Glad to know u guys here. Im new here and im interested in onkyo ht-s9100. On amazon it is $850 while after the shipment to my country it will cost more than $1500. Do u still think it is good enough for the price? By the way, in my country, the Bose AM15 is about $1900 and the JBL Cs6100 is $850 with no receiver. Is s9100 still competitive to AM15 or CS6100?

My room size is 11 feet by 17 feet and the budget is $2200. Plz give me some advice.

Im looking forward to ur kind reply.:wave:

Best regards


----------



## Jungle Jack (Jul 28, 2009)

Hello,
If planning to stay on the Home Theater in a Box(HTIB) path, I would definitely pick the Onkyo over your other choices. The Onkyo is THX Certified, which is an absolute rarity in HTIB's.

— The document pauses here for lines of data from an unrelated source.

(* Let $P\subseteq\mathbb{R}^d$ be finite. Suppose there is a point $\mathbf{p}=(p_1,\dots,p_d)\in P$ such that for each $i\in\{1,\dots,d\}$ either $p_i=\max\{q_i:\mathbf{q}\in P\}$ or $p_i=\min\{q_i:\mathbf{q}\in P\}$. Then $\mathbf{p}$ is a leaf node in every optimal Steiner tree of $P$.
   Context: For a finite set $P\subset\mathbb{R}^d$ (the terminals), a Steiner tree of $P$ is a tree whose vertex set is $P\cup S$ for some finite $S\subset\mathbb{R}^d$ (the Steiner points), with edge lengths the Euclidean distances between endpoints; its cost is the total edge length. An optimal Steiner tree is one of minimum cost. By convention, optimal Steiner trees contain no trivial Steiner points (Steiner points of degree $2$ that merely subdivide a straight segment). *)

From HB Require Import structures.
From mathcomp Require Import all_boot all_order all_algebra.
From mathcomp Require Export finmap.
From mathcomp Require Export reals.

Set Implicit Arguments.
Unset Strict Implicit.
Unset Printing Implicit Defensive.

Import Order.TTheory GRing.Theory Num.Theory.
Local Open Scope ring_scope.
Local Open Scope fset_scope.

Section Steiner.
Variables (R : realType) (d : nat).

Notation point := 'rV[R]_d.

Definition edist (x y : point) : R :=
  Num.sqrt (\sum_(i < d) (x 0 i - y 0 i) ^+ 2).

(* A finite geometric graph: vertices are points of R^d, edges are pairs of
   points; an edge (x,y) stands for the unordered edge {x,y}. *)
Record sgraph := SGraph { sgV : {fset point}; sgE : {fset point * point} }.

Definition adj (G : sgraph) : rel point :=
  fun x y => ((x, y) \in sgE G) || ((y, x) \in sgE G).

Definition is_tree (G : sgraph) : Prop :=
  [/\ forall e, e \in sgE G -> [/\ e.1 \in sgV G, e.2 \in sgV G & e.1 != e.2],
      forall x y, (x, y) \in sgE G -> (y, x) \notin sgE G,
      forall x y, x \in sgV G -> y \in sgV G ->
        exists s : seq point, path (adj G) x s /\ last x s = y
    & forall c : seq point, (3 <= size c)%N -> uniq c -> ~~ cycle (adj G) c].

Definition cost (G : sgraph) : R :=
  \sum_(e <- enum_fset (sgE G)) edist e.1 e.2.

Definition degree (G : sgraph) (x : point) : nat :=
  #|` [fset e in sgE G | (e.1 == x) || (e.2 == x)]|.

Definition steiner_tree (P : {fset point}) (G : sgraph) : Prop :=
  P `<=` sgV G /\ is_tree G.

Definition trivial_steiner (P : {fset point}) (G : sgraph) (s : point) : Prop :=
  [/\ s \in sgV G, s \notin P, degree G s = 2%N &
      exists a b (t : R), [/\ adj G s a, adj G s b, a != b,
                            0 <= t <= 1 & s = ((1 - t) *: a + t *: b)%R]].

(* optimal Steiner tree (with the convention: no trivial Steiner points) *)
Definition optimal_steiner (P : {fset point}) (G : sgraph) : Prop :=
  [/\ steiner_tree P G,
      forall s, ~ trivial_steiner P G s &
      forall G', steiner_tree P G' -> cost G <= cost G'].
(* Let $t$ be a positive integer and let $G$ be a graph with no odd $K_t$ minor. Then $$\chi(G) \le 2t\left(1+\log\left(\frac{|V(G)|}{t}\right)\right).$$
   Context: Graphs are finite and simple; $\chi$ is the chromatic number; $\log$ is the natural logarithm. A graph $G$ has an odd $K_t$ minor if a graph isomorphic to $K_t$ (complete graph on $t$ vertices) can be obtained from a subgraph $G'$ of $G$ by contracting a set of edges forming a cut in $G'$ (the empty set is a cut). *)

From mathcomp Require Import all_boot.
From Stdlib Require Import Reals.

Set Implicit Arguments.
Unset Strict Implicit.
Unset Printing Implicit Defensive.

Section Graphs.
Variable T : finType.

(* A (finite simple) graph on T is an adjacency relation e : rel T that is
   symmetric and irreflexive; these hypotheses appear in the theorem. *)

Definition proper_coloring (e : rel T) (k : nat) (c : {ffun T -> 'I_k}) : bool :=
  [forall x, forall y, e x y ==> (c x != c y)].

Definition colorable (e : rel T) (k : nat) : bool :=
  [exists c : {ffun T -> 'I_k}, proper_coloring e c].

(* chi(G): the least k such that G is k-colourable (for loopless graphs
   #|T| colours always suffice, so the minimum is over k <= #|T|). *)
Definition chromatic_number (e : rel T) : nat :=
  \big[minn/#|T|]_(k < #|T|.+1 | colorable e k) (k : nat).

(* Odd K_t minor, literally as in the paper: there is a subgraph G' = (S, E')
   of G and a cut F of G' (the G'-edges between X and S \ X, for some X) such
   that contracting F yields a graph isomorphic to K_t.  The vertices of the
   contracted graph are the classes of S under connectivity by F-edges; phi
   identifies these classes with 'I_t (bijectively: phi is onto and
   phi x = phi y iff x, y are F-connected), and two distinct classes are
   adjacent iff some E'-edge joins them; isomorphism with K_t means every pair
   of distinct classes is adjacent. *)
Definition has_odd_Kt_minor (e : rel T) (t : nat) : Prop :=
  exists (S : {set T}) (E' : rel T) (X : {set T}) (phi : T -> 'I_t),
    [/\ (forall x y, E' x y -> [/\ e x y, x \in S & y \in S]),
        symmetric E',
        let F := fun x y => E' x y && ((x \in X) != (y \in X)) in
        forall x y, x \in S -> y \in S ->
          (phi x == phi y) = connect F x y,
        (forall i : 'I_t, exists2 x, x \in S & phi x = i)
      & (forall i j : 'I_t, i != j ->
           exists x y, [/\ E' x y, phi x = i & phi y = j])].
(* The search is over 1 <= e <= q, which always suffices when coprime r q
   (the order divides totient q <= q); otherwise the value is q.+1 (junk). *)
Definition ordmod (q r : nat) : nat :=
  (find (fun e => r ^ e.+1 == 1 %[mod q]) (iota 0 q)).+1.

(* Write the group as <[b]> * <[a]> with trivial intersection.  Since a conjugated
   by b^j is a^(r^j), (b^j a^i)^k = b^(jk) a^(i S_k) with S_k the geometric sum of
   the powers of r^j, so the order of b^j a^i is o(b^j) times the order of i S in
   Z_m, where S = S_(o(b^j)).  Summed over i, the latter is multiplicative in m
   (Chinese remainder theorem); on a factor p^alpha it is psi(Z_(p^alpha)) if
   r^j = 1 (mod p^alpha) and p^alpha otherwise.  Expanding the product over the
   prime-power factors as a sum over the sets T of factors where r^j = 1, that is
   e_T | j, and summing over the j divisible by e_T gives psi(<[b^e_T]>). *)

From mathcomp Require Import all_boot all_fingroup all_algebra all_solvable.
From mathcomp Require Import zify.
Set Implicit Arguments. Unset Strict Implicit. Unset Printing Implicit Defensive.

Lemma sum_imsetT_card (I T : finType) (A : {set T}) (f : I -> T) (F : T -> nat) :
  f @: setT = A -> #|I| = #|A| -> \sum_(y in A) F y = \sum_i F (f i).
Proof.
move=> fA cardIA.
have injf : {in setT &, injective f} by apply/imset_injP; rewrite fA cardsT cardIA.
by rewrite -fA big_imset //=; apply: eq_bigl => i; rewrite inE.
Qed.

Lemma psi_cycleE (gT : finGroupType) (x : gT) :
  psi <[x]>%g = \sum_(i < #[x]%g) #[x ^+ i]%g.
Proof.
rewrite /psi (@sum_imsetT_card _ _ _ (fun i : 'I_#[x]%g => (x ^+ i)%g)) ?card_ord //.
apply/setP=> y; apply/imsetP/idP => [[i _ ->]|/cyclePmin[i lti ->]]; first exact: mem_cycle.
by exists (Ordinal lti).
Qed.

Lemma sum_ord_dvdn e N (F : nat -> nat) : 0 < e ->
  \sum_(j < e * N | e %| j) F j = \sum_(l < N) F (e * l).
Proof.
move=> e_gt0.
have lt_mul (l : 'I_N) : e * l < e * N by rewrite ltn_pmul2l.
have lt_div (j : 'I_(e * N)) : j %/ e < N by rewrite ltn_divLR // [N * e]mulnC.
rewrite (reindex_onto (fun l => Ordinal (lt_mul l)) (fun j => Ordinal (lt_div j))) /=.
  by apply: eq_bigl => l; rewrite dvdn_mulr ?dvdnn //= -val_eqE /= mulKn ?eqxx.
by move=> j e_dvd_j; apply: val_inj; rewrite /= mulnC divnK.
Qed.
Theorem corollary1 (k t : nat) :
  3 <= k -> 1 <= t -> t <= k - 1 ->
  exists F : {set {set 'I_(2 * k - t + 1)}},
    (forall A, A \in F -> #|A| = k) /\
    t_intersecting t F /\
    (forall B : {set 'I_(2 * k - t + 1)},
       B \subset initseg (2 * k - t + 1) (2 * k - 2 * t + 2) ->
       #|B| <= k - t ->
       B \in diff_family F).
Proof.
move=> k3 t1 tk; have [t_eq1|t2] : t = 1 \/ 2 <= t by lia.
  subst t; have [|F [uniF intF diffF]] := @intersecting_half_family (2 * k - 1 + 1) k k3.
    lia.
  by exists F; split=> //; split=> // B _ cardB; apply: diffF; lia.
set n := 2 * k - t + 1; set Y := [set x : 'I_n | 0 <= x < 2 * k - t].
have cardY : #|Y| = 2 * k - t by rewrite card_ord_itv ?subn0 //= /n; lia.
exists (ksubsets Y k); split; first by move=> A /ksubsetsP[].
split; first by have := @ksubsets_intersecting _ Y k; rewrite cardY (_ : k.*2 - _ = t) //; lia.
move=> B sB cardB; apply: ksubsets_diff; rewrite ?cardY; try lia.
by apply: subset_trans sB _; apply/subsetP=> x; rewrite !inE; lia.
Qed.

Amongst many hardcore audio/video fans, Bose does not equate with good value or good sound. To many, it seems they spend more on advertising and litigation than they do on engineering and manufacturing.

Those are some high shipping costs, where are you located?
Cheers,
JJ


----------



## tonyvdb (Sep 5, 2007)

I also agree, the Onkyo is your best bang for buck. Bose is not worth the box they come in.


----------



## Max (Oct 16, 2009)

Thank you very much guys for your kind advice. i will stick to htib in the future. Your advice is valuable to me. im in China now. the shipping charge,handling fee and tax are about $650. Still i have a question. has anyone of you bought a THIB through amazon.com? is it safe? Do you have any other recommendations for me? it's great to chat with you guys on the other side of the world during the midnight.
_Posted via Mobile Device_


----------



## tonyvdb (Sep 5, 2007)

Max said:


> has anyone of you bought a THIB through amazon.com? is it safe? Do you have any other recommendations for me?


Amazon is a safe site they give you your money back if your product does not arrive or is damaged. I have never had an issue.


----------



## Jungle Jack (Jul 28, 2009)

Hello,
I agree, Amazon is about as established and safe as it gets for online transactions. What I do not know is how International shipments are handled in regards to returns, etc.

To be sure, you can feel safe using Amazon. It is just a longer journey than usual reaching its destination point.
Cheers,
JJ


----------



## Max (Oct 16, 2009)

that would be a problem.


----------